See “The new HTML parser” and “parsers/html.c”.

C/Yacc parser combination

A yacc file has some areas written in C. Universal Ctags has both YACC and C parsers. You may want to run C parser for the areas from YACC parser.

Here YACC parser is a host parser. C parser is a guest parser. See “optlib/yacc.ctags”.

Pod/Perl parser combination

Pod (Plain Old Documentation) is a language for documentation. The language can be used not only in a stand alone file but also it can be used inside a Perl script.

Universal Ctags has both parsers for Perl and Pod. The Perl parser recognizes the area where Pod document is embedded in a Perl script and schedules applying pod parser as a guest parser on the area.

Subparser: Tagging definitions of higher (upper) level language

Background

Consider an application written in language X. The application has its domain own concepts. Developers of the application may try to express the concepts in the syntax of language X.

In language X level, the developer can define functions, variables, types, and so on. Further more, if the syntax of X allows, the developers want to define higher level (= application level) things for implementing the domain own concepts.

Let me show the part of source code of SPY-WARS, an imaginary game application. It is written in scheme language, a dialect of lisp. (Here gauche is considered as the implementation of scheme interpreter).

(define agent-tables (make-hash-table))
(define-class <agent> ()
  ((rights :init-keyword :rights)
   (responsibilities :init-keyword :responsibilities)))

(define-macro (define-agent name rights responsibilities)
  `(hash-table-put! agent-tables ',name
                    (make <agent>
                      :rights ',rights
                      :responsibilities ',responsibilities)))

(define-agent Bond (kill ...) ...)
(define-agent Bourne ...)

...

define, define-class, and define-macro are keywords of scheme for defining a variable, class and macro. Therefore scheme parser of ctags should make tags for agent-tables with variable kind, <agent> with class kind, and define-agent with macro kind. There is no discussion here.

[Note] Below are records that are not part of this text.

Lemma rcons_subseq (T : eqType) (s y : seq T) v :
  subseq s y -> subseq (rcons s v) (rcons y v).
Proof. by move=> sy; rewrite -!cats1 cat_subseq. Qed.

Lemma subseq_skip_nseq (u v : nat) t n r : u != v ->
  subseq (u :: t) (nseq n v ++ r) = subseq (u :: t) r.
Proof. by move=> uv; elim: n => //= n IH; rewrite (negbTE uv). Qed.

Lemma mem_map_cons (a e : nat) y (L : seq (seq nat)) :
  (e :: y \in map (cons a) L) = (e == a) && (y \in L).
Proof.
apply/mapP/andP => [[z zL [-> ->]]|[/eqP-> yL]]; last by exists y.
by rewrite eqxx.
Qed.

Lemma path_leq_last a s z : path leq a s -> z \in a :: s -> z <= last a s.
Proof.
elim: s a z => [|b s IH] a z /=; first by rewrite inE => _ /eqP->.
move=> /andP[ab bs]; rewrite inE => /predU1P[->|]; last exact: IH.
exact: leq_trans ab (IH b b bs (mem_head _ _)).
Qed.

Lemma sorted_ltn_subseq t s : sorted ltn t -> sorted ltn s -> {subset t <= s} ->
  subseq t s.
Proof.
move=> tsorted ssorted ts.
have -> : t = [seq y <- s | y \in t]; last exact: filter_subseq.
apply: (irr_sorted_eq ltn_trans ltnn) => //; first exact: (sorted_filter ltn_trans).
by move=> y; rewrite mem_filter; case: (boolP (y \in t)) => // /ts->.
Qed.

Lemma binary_no_descent s : all (leq^~ 1) s -> ~~ subseq [:: 1; 0] s ->
  exists a b, s = nseq a 0 ++ nseq b 1.
Proof.
elim: s => [|[|[|e]] s IH] //=; first by exists 0, 0.
  by move=> sbin /(IH sbin)[a [b ->]]; exists a.+1, b.
move=> /allP sbin; rewrite sub1seq => s0; exists 0, (size s).+1; congr (_ :: _).
apply/all_pred1P/allP => -[|[|z]] zs //=; first by rewrite zs in s0.
by have := sbin _ zs.
Qed.

(** * Reduction and pattern containment *)

Definition letter_rank (w : seq nat) (v : nat) := size (undup [seq y <- w | y < v]).

Lemma redE w : red w = map (letter_rank w) w.
Proof. by []. Qed.

Lemma letter_rank_mono w : {homo letter_rank w : v u / v <= u}.
Proof.
move=> v u vu; apply: uniq_leq_size; first exact: undup_uniq.
by move=> y; rewrite !mem_undup !mem_filter => /andP[yv ->]; rewrite (leq_trans yv).
Qed.

Lemma letter_rank_lt w v u : v \in w -> v < u -> letter_rank w v < letter_rank w u.
Proof.
move=> vw vu; rewrite -[_.+1]/(size (v :: _)).
apply: uniq_leq_size => [|y]; first by rewrite /= undup_uniq mem_undup mem_filter ltnn.
rewrite inE !mem_undup !mem_filter => /predU1P[->|/andP[yv ->]].
  by rewrite vu.
by rewrite (ltn_trans yv).
Qed.

Lemma letter_rank_size w (v : nat) : v \in w -> letter_rank w v < size (undup w).
Proof.
move=> vw; rewrite -[_.+1]/(size (v :: _)).
apply: uniq_leq_size => [|y]; first by rewrite /= undup_uniq mem_undup mem_filter ltnn.
by rewrite in_cons !mem_undup mem_filter => /predU1P[->|/andP[]].
Qed.

Lemma letter_rank_leE w : {in w &, {mono letter_rank w : v u / v <= u}}.
Proof. by apply: leq_mono_in => v u vw _; apply: letter_rank_lt. Qed.

Lemma letter_rank_ltE w : {in w &, {mono letter_rank w : v u / v < u}}.
Proof. exact/leqW_mono_in/letter_rank_leE. Qed.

NOTE: To be exactly define-class and define-macro are not the part of scheme language. They are part of gauche. That means three parsers are stacked: scheme, gosh, and SPY-WARS.

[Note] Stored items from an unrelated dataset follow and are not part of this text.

(* The sets $\mathcal{U}_{ME}=\{(M,q)\mid ME[U](M)\le q\}$ and $\mathcal{U}_{GE}=\{(M,q)\mid GE[U](M)\le q\}$ are safety hyperproperties. That is, for every rational $q$, the sets of programs $\{M\mid ME[U](M)\le q\}$ and $\{M\mid GE[U](M)\le q\}$ are safety hyperproperties.
   Context: Stores map variables to values; $H$ is the high input variable and $O$ the low output variable. A trace is a sequence of stores. For a finite trace $t$, $t\circ t'$ is concatenation. A program is a set $M$ of infinite traces that is deterministic (two traces with the same initial value of $H$ are equal) and has a finite nonempty input domain $\mathbb{H}_M=\{\sigma_0(H)\}$. Input domains are unbounded in size. $M(h)$ is the output trace $(\sigma_1(O),\sigma_2(O),\dots)$ of the trace of $M$ starting with $H=h$. $\bot$ denotes termination. $M(h)=o$ means that for all $i$, $o_i=\bot$ or $M(h)_i=\bot$ or $M(h)_i=o_i$. For a distribution $\mu$ on $\mathbb{H}_M$, $\mu(O=o)=\sum_{h:M(h)=o}\mu(H=h)$, with conditional probabilities induced accordingly. $U$ is the uniform distribution on $\mathbb{H}_M$. Min-entropy QIF (log base 2): $\mathcal{V}[\mu](X)=\max_x\mu(X=x)$, $\mathcal{V}[\mu](X|Y)=\sum_y\mu(Y=y)\max_x\mu(X=x|Y=y)$, and $ME[\mu](M)=\log\frac1{\mathcal{V}[\mu](H)}-\log\frac1{\mathcal{V}[\mu](H|O)}$. Guessing-entropy QIF: $\mathcal{G}[\mu](X)=\sum_i i\,\mu(X=x_i)$ with the $x_i$ ordered by non-increasing probability; $\mathcal{G}[\mu](X|Y)=\sum_y\mu(Y=y)\sum_i i\,\mu(X=x_i|Y=y)$ with the analogous ordering for each $y$; and $GE[\mu](M)=\mathcal{G}[\mu](H)-\mathcal{G}[\mu](H|O)$. $\mathit{Prop}$ is the set of programs; $\mathit{Obs}$ is the set of deterministic finite sets of finite traces. For $S\in\mathit{Obs}$ and $T\in\mathit{Prop}$, $S\le T$ iff every $t\in S$ has some $t'$ with $t\circ t'\in T$. $P\subseteq\mathit{Prop}$ is a safety hyperproperty iff for every $S\in\mathit{Prop}\setminus P$ there is $T\in\mathit{Obs}$ with $T\le S$ such that no $S'\in\mathit{Prop}$ with $T\le S'$ belongs to $P$. A set $\mathcal{P}$ of pairs (program, rational) is a safety hyperproperty iff $\{M\mid(M,q)\in\mathcal{P}\}$ is one for every rational $q$. *)

From Stdlib Require Import Reals List Permutation Sorted ClassicalEpsilon QArith Qreals.
Open Scope R_scope.

Definition var := nat.
Definition H : var := 0%nat.   (* high input variable *)
Definition O : var := 1%nat.   (* low output variable *)
Definition val := nat.         (* values: an infinite type, so input domains are unbounded *)
Definition store := var -> val.
Definition itrace := nat -> store.
Definition ftrace := list store.

Definition deterministic (M : itrace -> Prop) : Prop :=
  forall t t', M t -> M t' -> t 0%nat H = t' 0%nat H -> t = t'.

Definition input_domain_list (M : itrace -> Prop) (l : list val) : Prop :=
  NoDup l /\ forall h, In h l <-> exists t, M t /\ t 0%nat H = h.

Definition is_program (M : itrace -> Prop) : Prop :=
  deterministic M /\ exists l, l <> nil /\ input_domain_list M l.

Definition fdeterministic (S : ftrace -> Prop) : Prop :=
  forall s s' r r', S (s :: r) -> S (s' :: r') -> s H = s' H -> s :: r = s' :: r'.

Definition is_obs (S : ftrace -> Prop) : Prop :=
  fdeterministic S /\ exists l : list ftrace, forall t, S t <-> In t l.

Definition tconcat (t : ftrace) (t' : itrace) : itrace :=
  fun i => if Nat.ltb i (length t) then nth i t (fun _ => 0%nat)
           else t' (i - length t)%nat.

Definition obs_le (S : ftrace -> Prop) (T : itrace -> Prop) : Prop :=
  forall t, S t -> exists t', T (tconcat t t').

Definition safety (P : (itrace -> Prop) -> Prop) : Prop :=
  forall S, is_program S -> ~ P S ->
    exists T, is_obs T /\ obs_le T S /\
      forall S', is_program S' -> obs_le T S' -> ~ P S'.

Definition dom (M : itrace -> Prop) : list val :=
  epsilon (inhabits nil) (input_domain_list M).

Definition out (M : itrace -> Prop) (h : val) : nat -> val :=
  epsilon (inhabits (fun _ => 0%nat))
    (fun o => exists t, M t /\ t 0%nat H = h /\ forall i, o i = t (S i) O).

The interesting things here are Bond and Bourne.

(define-agent Bond (kill ...) ...)
(define-agent Bourne ...)

In scheme parser level, the two expressions define nothing; the two expressions are just macro (define-agent) expansions.

However, in the application level, they define agents as the macro name shown. In this level Universal Ctags should capture Bond and Bourne. The question is which parser should capture them? scheme parser should not; define-agent is not part of scheme language. Newly defined SPY-WARS parser is the answer.

Though define-agent is just a macro in scheme parser level, it is keyword in SPY-WARS parser. SPY-WARS parser makes a tag for a token next to define-agent.

The above example illustrates levels of language in an input file. scheme is used as the base language. With the base language we can assume an imaginary higher level language named SPY-WARS is used to write the application. To parse the source code of the application written in two stacked language, ctags uses the two stacked parsers.

Making higher level language is very popular technique in the languages of lisp family (see “On Lisp” for more details). However, it is not special to lisp.

Following code is taken from linux kernel written in C:

DEFINE_EVENT(mac80211_msg_event, mac80211_info,
        TP_PROTO(struct va_format *vaf),
        TP_ARGS(vaf)
);

There is no concept EVENT in C language, however it make sense in the source tree of linux kernel. So we can consider linux parser, based on C parser, which tags mac80211_msg_event as event kind.

Terms

Base parser and subparser

In the context of the SPY-WARS example, scheme parser is called a base parser. The SPY-WARS is called a subparser. A base parser tags definitions found in lower level view. A subparser on the base parser tags definitions found in higher level view. This relationship can be nested. A subparser can be a base parser for another subparser.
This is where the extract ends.